* _Assigned task_
Wherever the string "letter" occurs in a line of these records, report that line.

* _Items listed in a dataset_
┄┄┄┄┄┄┄┄┄┄

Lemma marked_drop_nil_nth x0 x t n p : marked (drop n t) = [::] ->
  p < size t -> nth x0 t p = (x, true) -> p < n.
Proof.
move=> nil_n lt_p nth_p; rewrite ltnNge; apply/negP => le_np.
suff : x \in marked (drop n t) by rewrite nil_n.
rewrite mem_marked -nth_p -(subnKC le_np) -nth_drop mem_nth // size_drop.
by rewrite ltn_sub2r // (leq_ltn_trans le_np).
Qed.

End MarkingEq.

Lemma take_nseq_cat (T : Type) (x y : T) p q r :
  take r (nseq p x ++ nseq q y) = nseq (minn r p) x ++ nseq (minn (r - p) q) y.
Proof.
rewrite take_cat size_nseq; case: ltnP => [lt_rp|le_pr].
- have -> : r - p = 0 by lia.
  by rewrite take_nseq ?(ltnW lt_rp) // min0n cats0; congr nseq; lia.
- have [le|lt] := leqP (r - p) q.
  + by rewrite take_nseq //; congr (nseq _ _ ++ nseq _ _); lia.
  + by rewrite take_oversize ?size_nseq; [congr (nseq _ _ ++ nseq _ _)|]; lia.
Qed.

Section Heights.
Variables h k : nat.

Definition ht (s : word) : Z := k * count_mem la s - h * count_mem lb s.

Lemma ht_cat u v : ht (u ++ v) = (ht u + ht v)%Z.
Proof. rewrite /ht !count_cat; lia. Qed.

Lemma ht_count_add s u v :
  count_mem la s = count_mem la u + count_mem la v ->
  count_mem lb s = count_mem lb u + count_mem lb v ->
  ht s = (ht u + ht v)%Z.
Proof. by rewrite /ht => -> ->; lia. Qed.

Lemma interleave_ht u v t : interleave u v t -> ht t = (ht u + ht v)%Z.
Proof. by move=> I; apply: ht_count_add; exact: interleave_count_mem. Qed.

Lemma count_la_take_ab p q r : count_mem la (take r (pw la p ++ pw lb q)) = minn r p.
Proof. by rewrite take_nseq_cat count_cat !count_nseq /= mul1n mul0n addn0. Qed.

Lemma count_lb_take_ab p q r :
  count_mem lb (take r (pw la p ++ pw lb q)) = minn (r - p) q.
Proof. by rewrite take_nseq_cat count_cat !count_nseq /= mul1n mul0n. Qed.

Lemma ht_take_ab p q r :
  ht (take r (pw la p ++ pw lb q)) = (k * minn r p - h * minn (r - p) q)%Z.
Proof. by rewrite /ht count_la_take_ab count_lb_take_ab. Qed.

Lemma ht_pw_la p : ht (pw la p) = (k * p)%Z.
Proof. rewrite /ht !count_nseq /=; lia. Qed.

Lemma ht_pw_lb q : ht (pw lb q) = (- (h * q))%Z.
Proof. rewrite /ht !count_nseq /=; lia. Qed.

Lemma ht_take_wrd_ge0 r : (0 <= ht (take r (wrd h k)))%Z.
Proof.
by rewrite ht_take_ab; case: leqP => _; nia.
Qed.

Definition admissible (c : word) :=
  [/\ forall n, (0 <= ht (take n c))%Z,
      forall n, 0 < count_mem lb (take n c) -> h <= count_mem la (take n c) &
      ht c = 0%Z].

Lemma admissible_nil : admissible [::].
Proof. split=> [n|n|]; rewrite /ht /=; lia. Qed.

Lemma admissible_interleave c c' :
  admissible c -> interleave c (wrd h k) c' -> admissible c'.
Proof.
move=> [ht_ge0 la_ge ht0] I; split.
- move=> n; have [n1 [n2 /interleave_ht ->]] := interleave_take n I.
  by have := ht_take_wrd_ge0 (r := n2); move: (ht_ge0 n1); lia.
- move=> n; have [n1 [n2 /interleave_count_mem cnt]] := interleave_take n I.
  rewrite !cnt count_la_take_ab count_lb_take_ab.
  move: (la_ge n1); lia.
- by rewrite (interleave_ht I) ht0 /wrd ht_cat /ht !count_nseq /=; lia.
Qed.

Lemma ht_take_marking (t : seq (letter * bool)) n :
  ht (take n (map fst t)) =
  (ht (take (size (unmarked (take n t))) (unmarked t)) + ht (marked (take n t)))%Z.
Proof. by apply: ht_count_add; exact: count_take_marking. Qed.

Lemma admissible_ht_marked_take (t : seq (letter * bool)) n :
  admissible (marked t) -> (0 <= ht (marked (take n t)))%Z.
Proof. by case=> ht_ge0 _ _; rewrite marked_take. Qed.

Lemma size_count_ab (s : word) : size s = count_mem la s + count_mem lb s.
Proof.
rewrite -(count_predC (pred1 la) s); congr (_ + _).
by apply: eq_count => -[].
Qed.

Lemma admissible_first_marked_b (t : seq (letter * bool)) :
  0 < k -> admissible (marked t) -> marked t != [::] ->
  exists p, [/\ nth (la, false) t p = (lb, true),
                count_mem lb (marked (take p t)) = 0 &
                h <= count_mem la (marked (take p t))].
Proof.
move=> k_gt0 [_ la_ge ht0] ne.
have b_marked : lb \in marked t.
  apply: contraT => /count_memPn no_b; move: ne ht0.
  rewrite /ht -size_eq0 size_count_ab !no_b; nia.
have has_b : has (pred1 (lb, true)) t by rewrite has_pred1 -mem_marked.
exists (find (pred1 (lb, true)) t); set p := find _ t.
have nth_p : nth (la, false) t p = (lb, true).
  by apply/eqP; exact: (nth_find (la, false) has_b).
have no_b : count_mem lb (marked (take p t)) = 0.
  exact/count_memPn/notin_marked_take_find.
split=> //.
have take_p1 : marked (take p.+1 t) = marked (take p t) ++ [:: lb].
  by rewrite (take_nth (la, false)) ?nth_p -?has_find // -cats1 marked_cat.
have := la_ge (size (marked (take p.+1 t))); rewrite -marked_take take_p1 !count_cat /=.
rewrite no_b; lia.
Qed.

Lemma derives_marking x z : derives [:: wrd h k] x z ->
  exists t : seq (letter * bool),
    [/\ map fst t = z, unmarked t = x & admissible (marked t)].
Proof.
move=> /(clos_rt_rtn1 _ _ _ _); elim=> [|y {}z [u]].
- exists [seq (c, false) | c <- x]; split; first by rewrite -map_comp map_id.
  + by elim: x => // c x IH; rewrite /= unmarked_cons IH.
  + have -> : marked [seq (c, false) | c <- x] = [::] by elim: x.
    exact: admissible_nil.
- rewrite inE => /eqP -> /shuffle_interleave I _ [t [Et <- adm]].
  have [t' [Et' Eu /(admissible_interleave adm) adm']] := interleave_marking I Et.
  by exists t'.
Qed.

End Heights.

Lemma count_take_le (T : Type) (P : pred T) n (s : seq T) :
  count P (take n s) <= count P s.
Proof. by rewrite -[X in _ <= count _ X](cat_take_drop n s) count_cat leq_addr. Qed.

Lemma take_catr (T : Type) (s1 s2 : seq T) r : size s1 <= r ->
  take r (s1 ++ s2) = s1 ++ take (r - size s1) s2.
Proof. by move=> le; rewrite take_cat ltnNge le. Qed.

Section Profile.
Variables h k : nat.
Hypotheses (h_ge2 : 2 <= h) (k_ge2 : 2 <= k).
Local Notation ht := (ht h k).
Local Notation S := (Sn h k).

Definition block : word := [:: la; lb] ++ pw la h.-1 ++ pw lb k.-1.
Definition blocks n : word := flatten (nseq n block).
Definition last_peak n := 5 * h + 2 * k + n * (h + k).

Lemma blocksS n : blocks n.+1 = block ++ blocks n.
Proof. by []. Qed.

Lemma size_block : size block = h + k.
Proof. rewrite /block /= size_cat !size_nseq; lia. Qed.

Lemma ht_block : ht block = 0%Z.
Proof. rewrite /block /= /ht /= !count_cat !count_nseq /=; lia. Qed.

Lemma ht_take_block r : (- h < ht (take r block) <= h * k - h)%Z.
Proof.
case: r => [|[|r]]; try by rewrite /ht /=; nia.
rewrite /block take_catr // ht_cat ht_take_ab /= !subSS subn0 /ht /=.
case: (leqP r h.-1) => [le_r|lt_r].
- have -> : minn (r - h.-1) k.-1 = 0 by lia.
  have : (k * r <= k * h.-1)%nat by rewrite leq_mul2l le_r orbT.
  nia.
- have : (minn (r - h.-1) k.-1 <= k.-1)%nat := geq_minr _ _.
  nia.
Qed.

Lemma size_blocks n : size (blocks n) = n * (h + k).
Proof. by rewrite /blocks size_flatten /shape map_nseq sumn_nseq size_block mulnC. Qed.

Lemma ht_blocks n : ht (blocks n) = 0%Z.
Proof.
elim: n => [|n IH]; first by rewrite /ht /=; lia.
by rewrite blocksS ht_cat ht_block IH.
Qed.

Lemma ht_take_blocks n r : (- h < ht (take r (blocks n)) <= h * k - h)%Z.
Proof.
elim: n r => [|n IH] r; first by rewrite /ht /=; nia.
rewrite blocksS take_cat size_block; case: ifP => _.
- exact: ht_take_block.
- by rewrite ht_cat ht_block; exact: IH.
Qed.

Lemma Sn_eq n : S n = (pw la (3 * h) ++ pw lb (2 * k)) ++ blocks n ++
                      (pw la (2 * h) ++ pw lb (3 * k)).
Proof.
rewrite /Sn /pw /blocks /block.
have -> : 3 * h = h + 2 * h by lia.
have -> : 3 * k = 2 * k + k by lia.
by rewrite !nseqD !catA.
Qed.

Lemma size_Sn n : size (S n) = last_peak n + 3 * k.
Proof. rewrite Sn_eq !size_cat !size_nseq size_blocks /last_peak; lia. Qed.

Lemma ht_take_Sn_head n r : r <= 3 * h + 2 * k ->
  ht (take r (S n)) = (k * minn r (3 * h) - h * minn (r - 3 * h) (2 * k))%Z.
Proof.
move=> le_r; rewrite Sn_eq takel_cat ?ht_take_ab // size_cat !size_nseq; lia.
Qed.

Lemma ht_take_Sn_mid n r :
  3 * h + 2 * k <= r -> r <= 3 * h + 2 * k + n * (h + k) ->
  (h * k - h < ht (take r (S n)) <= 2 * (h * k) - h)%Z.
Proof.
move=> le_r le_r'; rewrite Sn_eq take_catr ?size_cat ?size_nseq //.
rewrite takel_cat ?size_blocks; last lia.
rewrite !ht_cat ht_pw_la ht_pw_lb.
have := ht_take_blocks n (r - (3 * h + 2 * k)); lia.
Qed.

┄┄┄┄┄┄┄┄┄┄

* _Task answer_
Lemma ht_take_marking (t : seq (letter * bool)) n :
Lemma admissible_ht_marked_take (t : seq (letter * bool)) n :
Lemma admissible_first_marked_b (t : seq (letter * bool)) :
  exists t : seq (letter * bool),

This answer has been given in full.